[[ Dataset content open ]]

(* For natural numbers $n,k$ with $2k\le n$ let $\overrightarrow{N}_{n,k}$ be the digraph with vertex set $\{1,\dots,n\}$ and edge set $\{(i,j):1\le i,j\le n\}\setminus\{(1,2),(3,4),\dots,(2k-1,2k)\}$. Every proper homomorphic image of $\overrightarrow{N}_{n,k}$ (i.e. every digraph $H$ for which there is a non-injective surjective homomorphism $\overrightarrow{N}_{n,k}\to H$) is isomorphic to $\overrightarrow{N}_{m,l}$ for some $m,l$ with $2l<m$. In particular, the set $\{\overrightarrow{N}_{2k,k}:k=1,2,3,\dots\}$ is an antichain under both the standard and the strong homomorphic image orderings.
   Context: A digraph is a set $D$ with a binary relation $E(D)\subseteq D\times D$ (loops allowed). A homomorphism maps edges to edges; it is strong if additionally every edge of the target between vertices of the image is the image of an edge. Standard homomorphic image ordering: $A\preceq B$ iff there is a surjective homomorphism $B\to A$; strong: iff there is a surjective strong homomorphism $B\to A$. An antichain is a set of pairwise incomparable elements. *)

From mathcomp Require Import all_boot.
Set Implicit Arguments. Unset Strict Implicit. Unset Printing Implicit Defensive.

(* A digraph is a carrier type V with an edge relation E : V -> V -> Prop (loops allowed). *)

(* Edge relation of N_{n,k} on 'I_n = {0,...,n-1} (vertex i here is vertex i+1 of the paper):
   every pair (i,j) is an edge except (0,1),(2,3),...,(2k-2,2k-1),
   i.e. the paper's (1,2),(3,4),...,(2k-1,2k). *)
Definition Nrel (n k : nat) (i j : 'I_n) : Prop :=
  ~~ [&& ~~ odd i, (j : nat) == i.+1 & i < 2 * k].

Definition surj (V W : Type) (f : V -> W) : Prop := forall w, exists v, f v = w.

Definition is_hom (V W : Type) (EV : V -> V -> Prop) (EW : W -> W -> Prop) (f : V -> W) : Prop :=
  forall x y, EV x y -> EW (f x) (f y).

Definition is_strong_hom (V W : Type) (EV : V -> V -> Prop) (EW : W -> W -> Prop)
  (f : V -> W) : Prop :=
  is_hom EV EW f /\
  forall x y, EW (f x) (f y) -> exists x' y', f x' = f x /\ f y' = f y /\ EV x' y'.

Definition hom_image_le (A B : Type) (EA : A -> A -> Prop) (EB : B -> B -> Prop) : Prop :=
  exists f : B -> A, is_hom EB EA f /\ surj f.

Definition strong_hom_image_le (A B : Type) (EA : A -> A -> Prop) (EB : B -> B -> Prop)
  : Prop :=
  exists f : B -> A, is_strong_hom EB EA f /\ surj f.

Definition dg_iso (A B : Type) (EA : A -> A -> Prop) (EB : B -> B -> Prop) : Prop :=
  exists g : A -> B, bijective g /\ forall a b, EA a b <-> EB (g a) (g b).

From mathcomp Require Import all_boot zify boolp.

Set Implicit Arguments. Unset Strict Implicit. Unset Printing Implicit Defensive.

(* A homomorphism from N_{n,k} can only lose edges of the complete digraph,
   and a non-edge (f x, f y) of the image forces (x, y) to be one of the
   removed pairs (2i, 2i+1) and the fibres of f x and f y to be singletons.
   Hence a proper image is the complete digraph with loops minus a matching
   of l edges, on m vertices; a collapsed fibre lies off the matching, so
   2l < m, and listing the matched pairs first exhibits it as N_{m,l}.
   In N_{2k,k} every vertex lies on a removed edge, so every surjective
   homomorphism onto it is a bijection, which forces k = k'. *)

Lemma Nrel_nonedge n k (i j : 'I_n) :
  ~ Nrel k i j <-> [/\ ~~ odd i, j = i.+1 :> nat & i < 2 * k].
Proof.
rewrite /Nrel; split=> [/negP/negPn/and3P[? /eqP ? ?] // | [? ? ?]].
by apply/negP/negPn/and3P; split=> //; apply/eqP.
Qed.

Lemma Nrel_vertex_on_nonedge k (w : 'I_(2 * k)) :
  exists v, ~ Nrel k w v \/ ~ Nrel k v w.
Proof.
have w_lt := ltn_ord w.
case: (boolP (odd w)) => w_odd.
- have v_lt : w.-1 < 2 * k by lia.
  by exists (Ordinal v_lt); right; apply/Nrel_nonedge => /=; split; lia.
- have v_lt : w.+1 < 2 * k by lia.
  by exists (Ordinal v_lt); left; apply/Nrel_nonedge => /=; split; lia.
Qed.

Lemma inj_surj_bijective (A B : Type) (g : A -> B) :
  injective g -> surj g -> bijective g.
Proof.
move=> g_inj g_surj; pose h b := proj1_sig (cid (g_surj b)).
have hK : cancel h g by move=> b; exact: proj2_sig (cid (g_surj b)).
by exists h => // a; apply: g_inj; rewrite hK.
Qed.

Section HomFromN.

Variables (n k : nat) (H : Type) (EH : H -> H -> Prop) (f : 'I_n -> H).
Hypothesis f_hom : is_hom (Nrel k) EH f.

Lemma hom_nonedge x y :
  ~ EH (f x) (f y) -> [/\ ~~ odd x, y = x.+1 :> nat & x < 2 * k].
Proof. by move=> nE; apply/Nrel_nonedge => /f_hom. Qed.

Lemma hom_nonedge_fibres x y : ~ EH (f x) (f y) ->
  (forall z, f z = f x -> z = x) /\ (forall z, f z = f y -> z = y).
Proof.
move=> nE; have [_ y_eq _] := hom_nonedge nE.
split=> z fz; apply: ord_inj.
- have [_ ? _] : [/\ ~~ odd z, y = z.+1 :> nat & z < 2 * k].
    by apply: hom_nonedge; rewrite fz.
  lia.
- have [_ ? _] : [/\ ~~ odd x, z = x.+1 :> nat & x < 2 * k].
    by apply: hom_nonedge; rewrite fz.
  lia.
Qed.

Lemma hom_onto_inj_of_nonedge_cover :
  (forall u, exists v, ~ EH u v \/ ~ EH v u) -> surj f -> injective f.
Proof.
move=> cover f_surj a b fab; have [v nE] := cover (f a); have [y fy] := f_surj v.
rewrite -fy in nE; case: nE => /hom_nonedge_fibres[fib_x fib_y].
- exact/esym/fib_x/esym.
- exact/esym/fib_y/esym.
Qed.

End HomFromN.

Section ProperImage.

Variables (n k : nat) (H : Type) (EH : H -> H -> Prop) (f : 'I_n -> H).
Variable x0 : 'I_n.
Hypotheses (k_le : 2 * k <= n) (f_hom : is_hom (Nrel k) EH f) (f_surj : surj f).

(* [F] reads [f] on natural-number indices; its values at [x >= n] are junk. *)
Let F (x : nat) : H := f (insubd x0 x).

Lemma F_val (x : 'I_n) : F x = f x.
Proof. by rewrite /F valKd. Qed.

Lemma F_nonedge x y : x < n -> y < n -> ~ EH (F x) (F y) ->
  [/\ ~~ odd x, y = x.+1, x < 2 * k,
      forall z, z < n -> F z = F x -> z = x
    & forall z, z < n -> F z = F y -> z = y].
Proof.
move=> x_lt y_lt nE; have [fib_x fib_y] := hom_nonedge_fibres f_hom nE.
have [] := hom_nonedge f_hom nE; rewrite !val_insubd x_lt y_lt => x_even y_eq x_lt2k.
have fibre u z : u < n -> z < n -> insubd x0 z = insubd x0 u :> 'I_n -> z = u.
  by move=> u_lt z_lt /(congr1 val); rewrite !val_insubd u_lt z_lt.
by split=> // z z_lt Fz; apply: fibre => //; [apply: fib_x | apply: fib_y].
Qed.

(* [reps] lists the cut pairs (2i, 2i+1) first, then the least index of every
   other fibre of [F]. *)
Definition cut i := `[< ~ EH (F i.*2) (F i.*2.+1) >].
Definition cuts := [seq i <- iota 0 k | cut i].
Definition ncuts := size cuts.
Definition paired x := x./2 \in cuts.
Definition least_in_fibre x := all (fun y => ~~ `[< F y = F x >]) (iota 0 x).
Definition unpaired_reps := [seq x <- iota 0 n | ~~ paired x && least_in_fibre x].
Definition paired_list := [seq (nth 0 cuts j./2).*2 + odd j | j <- iota 0 (2 * ncuts)].
Definition reps := paired_list ++ unpaired_reps.
Definition image_enum (a : 'I_(size reps)) := F (nth 0 reps a).

Lemma mem_cuts i : (i \in cuts) = (i < k) && cut i.
Proof. by rewrite mem_filter mem_iota andbC. Qed.

Lemma paired_fibre x z : paired x -> z < n -> F z = F x -> z = x.
Proof.
rewrite /paired mem_cuts => /andP[half_lt /asboolP nE] z_lt Fz.
have [||_ _ _ fib_l fib_r] := F_nonedge _ _ nE; try lia.
case: (boolP (odd x)) => x_odd.
- have x_eq : x = (x./2).*2.+1 by lia.
  by rewrite x_eq in Fz *; apply: fib_r.
- have x_eq : x = (x./2).*2 by lia.
  by rewrite x_eq in Fz *; apply: fib_l.
Qed.

Lemma size_paired_list : size paired_list = 2 * ncuts.
Proof. by rewrite size_map size_iota. Qed.

Lemma size_reps : size reps = 2 * ncuts + size unpaired_reps.
Proof. by rewrite size_cat size_paired_list. Qed.

Lemma nth_reps_pair j (b : bool) :
  j < ncuts -> nth 0 reps (j.*2 + b) = (nth 0 cuts j).*2 + b.
Proof.
move=> j_lt; have lt : j.*2 + b < 2 * ncuts by lia.
rewrite nth_cat size_paired_list lt (nth_map 0) ?size_iota // nth_iota //.
by rewrite add0n [j.*2 + b]addnC half_bit_double oddD odd_double oddb addbF.
Qed.

Lemma nth_reps_unpaired a : nth 0 reps (2 * ncuts + a) = nth 0 unpaired_reps a.
Proof. by rewrite nth_cat size_paired_list ltnNge leq_addr addKn. Qed.

Lemma paired_list_paired x : x \in paired_list -> paired x.
Proof.
case/mapP => j; rewrite mem_iota => /andP[_ j_lt] ->.
by rewrite /paired addnC half_bit_double mem_nth // ltn_half_double -mul2n.
Qed.

Lemma reps_lt x : x \in reps -> x < n.
Proof.
rewrite mem_cat => /orP[/paired_list_paired | ].
- by rewrite /paired mem_cuts => /andP[? _]; lia.
- by rewrite mem_filter mem_iota => /andP[_ /andP[_]].
Qed.

Lemma reps_uniq : uniq reps.
Proof.
rewrite cat_uniq; apply/and3P; split.
- rewrite map_inj_in_uniq ?iota_uniq // => i j.
  rewrite !mem_iota /= => i_lt j_lt eq_ij.
  have odd_eq : odd i = odd j by lia.
  have /eqP : nth 0 cuts i./2 = nth 0 cuts j./2 by lia.
  rewrite nth_uniq ?filter_uniq ?iota_uniq //.
  + by move/eqP; lia.
  + by rewrite ltn_half_double -mul2n.
  + by rewrite ltn_half_double -mul2n.
- apply/hasPn => x; rewrite mem_filter => /andP[/andP[x_unpaired _] _].
  by apply: contra x_unpaired; apply: paired_list_paired.
- by rewrite filter_uniq ?iota_uniq.
Qed.

Lemma F_inj_reps : {in reps &, injective F}.
Proof.
have unpaired_rep x : x \in reps -> ~~ paired x -> least_in_fibre x.
  rewrite mem_cat => /orP[/paired_list_paired -> // | ].
  by rewrite mem_filter => /andP[/andP[]].
move=> x y x_in y_in Fxy.
case: (boolP (paired x)) => [x_p | x_np]; first by apply/esym/paired_fibre; rewrite ?reps_lt.
case: (boolP (paired y)) => [y_p | y_np]; first by apply: paired_fibre; rewrite ?reps_lt.
have /allP x_least := unpaired_rep _ x_in x_np.
have /allP y_least := unpaired_rep _ y_in y_np.
case: (ltngtP x y) => // [lt | gt].
- have /asboolPn[] // : ~~ `[< F x = F y >] by apply: y_least; rewrite mem_iota.
- have /asboolPn[] // : ~~ `[< F y = F x >] by apply: x_least; rewrite mem_iota.
Qed.

Lemma unpaired_rep_exists x :
  x < n -> ~~ paired x -> exists2 z, z \in unpaired_reps & F z = F x.
Proof.
move=> x_lt x_np; have ex : exists z, `[< F z = F x >] by exists x; exact/asboolP.
case: (ex_minnP ex) => z /asboolP Fz z_min.
have z_le : z <= x by apply/z_min/asboolP.
exists z => //; rewrite mem_filter mem_iota /= andbC (leq_ltn_trans z_le x_lt) /=.
apply/andP; split.
- by apply: contra x_np => z_p; rewrite (paired_fibre z_p x_lt (esym Fz)).
- apply/allP => y; rewrite mem_iota /= => y_lt; apply/asboolPn => Fy.
  by have := z_min y (introT (asboolP _) (etrans Fy Fz)); lia.
Qed.

Lemma image_enum_inj : injective image_enum.
Proof.
move=> a b /F_inj_reps eq_ab; apply/ord_inj/eqP.
by rewrite -(nth_uniq 0 _ _ reps_uniq) // eq_ab // mem_nth.
Qed.

Lemma image_enum_surj : surj image_enum.
Proof.
move=> h; have [x <-] := f_surj h; rewrite -F_val.
case: (boolP (paired x)) => [x_p | x_np].
- have j_lt : index x./2 cuts < ncuts by rewrite index_mem.
  have a_lt : (index x./2 cuts).*2 + odd x < size reps by rewrite size_reps; lia.
  exists (Ordinal a_lt); rewrite /image_enum /= nth_reps_pair // nth_index //.
  by congr F; lia.
- have [z z_in Fz] := unpaired_rep_exists (ltn_ord x) x_np.
  have a_lt : 2 * ncuts + index z unpaired_reps < size reps
    by rewrite size_reps ltn_add2l index_mem.
  by exists (Ordinal a_lt); rewrite /image_enum /= nth_reps_unpaired nth_index.
Qed.

Lemma image_enum_nonedge (a b : 'I_(size reps)) :
  ~ EH (image_enum a) (image_enum b) <-> [/\ ~~ odd a, b = a.+1 :> nat & a < 2 * ncuts].
Proof.
have pair_cut j : j < ncuts -> ~ EH (F (nth 0 reps j.*2)) (F (nth 0 reps j.*2.+1)).
  move=> j_lt; have := nth_reps_pair false j_lt; have := nth_reps_pair true j_lt.
  rewrite /= !addn0 !addn1 => -> ->.
  by have := mem_nth 0 j_lt; rewrite mem_cuts => /andP[_ /asboolP].
split=> [nE | [a_even b_eq a_lt]].
- have [||x_even y_eq x_lt _ _] := F_nonedge _ _ nE; try exact/reps_lt/mem_nth.
  set x := nth 0 reps a in x_even y_eq x_lt.
  have x_cut : x./2 \in cuts.
    rewrite mem_cuts; apply/andP; split; first lia.
    have x_eq : (x./2).*2 = x by lia.
    by apply/asboolP; rewrite x_eq -y_eq.
  have j_lt : index x./2 cuts < ncuts by rewrite index_mem.
  have at_pair (c : bool) (i : 'I_(size reps)) :
      nth 0 reps i = (x./2).*2 + c -> i = (index x./2 cuts).*2 + c :> nat.
    move=> /eqP; rewrite -{1}(nth_index 0 x_cut) -nth_reps_pair // nth_uniq ?reps_uniq //.
    - by move/eqP.
    - by rewrite size_reps; lia.
  have a_eq := at_pair false a; have b_eq := at_pair true b.
  split; lia.
- have a_half : (a : nat) = (a./2).*2 by lia.
  have b_half : (b : nat) = (a./2).*2.+1 by lia.
  by rewrite /image_enum a_half b_half; apply: pair_cut; lia.
Qed.

Lemma proper_image_iso : ~ injective f ->
  exists m l, 2 * l < m /\ dg_iso (@Nrel m l) EH.
Proof.
move=> f_ninj; exists (size reps), ncuts; split.
- have [a [b [fab ab]]] : exists a b, f a = f b /\ a <> b.
    apply: contrapT => none; apply: f_ninj => a b fab.
    by apply: contrapT => ab; apply: none; exists a, b.
  have a_np : ~~ paired a.
    apply/negP => a_p; apply/ab/ord_inj/esym/paired_fibre => //.
    by rewrite !F_val.
  have [z z_in _] := unpaired_rep_exists (ltn_ord a) a_np.
  by rewrite size_reps -addn1 leq_add2l lt0n size_eq0; apply: contraTneq z_in => ->.
- exists image_enum; split; first exact: inj_surj_bijective image_enum_inj image_enum_surj.
  move=> a b; split=> [N | E]; apply: contrapT.
  + by move=> nE; apply: (iffRL (Nrel_nonedge _ a b) _ N); apply/(image_enum_nonedge a b).
  + by move=> nN; apply: (iffRL (image_enum_nonedge a b) _ E); apply/(Nrel_nonedge _ a b).
Qed.

End ProperImage.

Lemma Nrel_hom_image_le_eq k k' :
  hom_image_le (@Nrel (2 * k') k') (@Nrel (2 * k) k) -> k = k'.
Proof.
move=> [f [f_hom f_surj]].
have f_inj := hom_onto_inj_of_nonedge_cover f_hom (@Nrel_vertex_on_nonedge k') f_surj.
by have := bij_eq_card (inj_surj_bijective f_inj f_surj); rewrite !card_ord; lia.
Qed.

Theorem proposition4p1 :
  (forall (n k : nat), 2 * k <= n ->
     forall (H : Type) (EH : H -> H -> Prop) (f : 'I_n -> H),
       is_hom (@Nrel n k) EH f -> surj f -> ~ injective f ->
       exists m l : nat, 2 * l < m /\ dg_iso (@Nrel m l) EH)
  /\
  (forall k k' : nat, 0 < k -> 0 < k' -> k <> k' ->
     ~ hom_image_le (@Nrel (2 * k') k') (@Nrel (2 * k) k) /\
     ~ strong_hom_image_le (@Nrel (2 * k') k') (@Nrel (2 * k) k)).
Proof.
split=> [n k k_le H EH f f_hom f_surj f_ninj | k k' _ _ neq_kk'].
- have x0 : 'I_n.
    case: n f f_hom f_surj f_ninj {k_le} => [f _ _ f_ninj | n *]; last exact: ord0.
    by exfalso; apply: f_ninj => -[].
  exact: proper_image_iso x0 k_le f_hom f_surj f_ninj.
- split=> [/Nrel_hom_image_le_eq // | [f [[f_hom _] f_surj]]].
  by apply/neq_kk'/Nrel_hom_image_le_eq; exists f.
Qed.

[[ Dataset content closed ]]

→ Your task
With the line that has "exists f : B -> A, is_hom" as the first and the line that has "by exists (Ordinal v_lt); right;" as the last, repeat exactly that run of lines above and no more.

→ Result of this exercise
  exists f : B -> A, is_hom EB EA f /\ surj f.

Definition strong_hom_image_le (A B : Type) (EA : A -> A -> Prop) (EB : B -> B -> Prop)
  : Prop :=
  exists f : B -> A, is_strong_hom EB EA f /\ surj f.

Definition dg_iso (A B : Type) (EA : A -> A -> Prop) (EB : B -> B -> Prop) : Prop :=
  exists g : A -> B, bijective g /\ forall a b, EA a b <-> EB (g a) (g b).

From mathcomp Require Import all_boot zify boolp.

Set Implicit Arguments. Unset Strict Implicit. Unset Printing Implicit Defensive.

(* A homomorphism from N_{n,k} can only lose edges of the complete digraph,
   and a non-edge (f x, f y) of the image forces (x, y) to be one of the
   removed pairs (2i, 2i+1) and the fibres of f x and f y to be singletons.
   Hence a proper image is the complete digraph with loops minus a matching
   of l edges, on m vertices; a collapsed fibre lies off the matching, so
   2l < m, and listing the matched pairs first exhibits it as N_{m,l}.
   In N_{2k,k} every vertex lies on a removed edge, so every surjective
   homomorphism onto it is a bijection, which forces k = k'. *)

Lemma Nrel_nonedge n k (i j : 'I_n) :
  ~ Nrel k i j <-> [/\ ~~ odd i, j = i.+1 :> nat & i < 2 * k].
Proof.
rewrite /Nrel; split=> [/negP/negPn/and3P[? /eqP ? ?] // | [? ? ?]].
by apply/negP/negPn/and3P; split=> //; apply/eqP.
Qed.

Lemma Nrel_vertex_on_nonedge k (w : 'I_(2 * k)) :
  exists v, ~ Nrel k w v \/ ~ Nrel k v w.
Proof.
have w_lt := ltn_ord w.
case: (boolP (odd w)) => w_odd.
- have v_lt : w.-1 < 2 * k by lia.
  by exists (Ordinal v_lt); right; apply/Nrel_nonedge => /=; split; lia.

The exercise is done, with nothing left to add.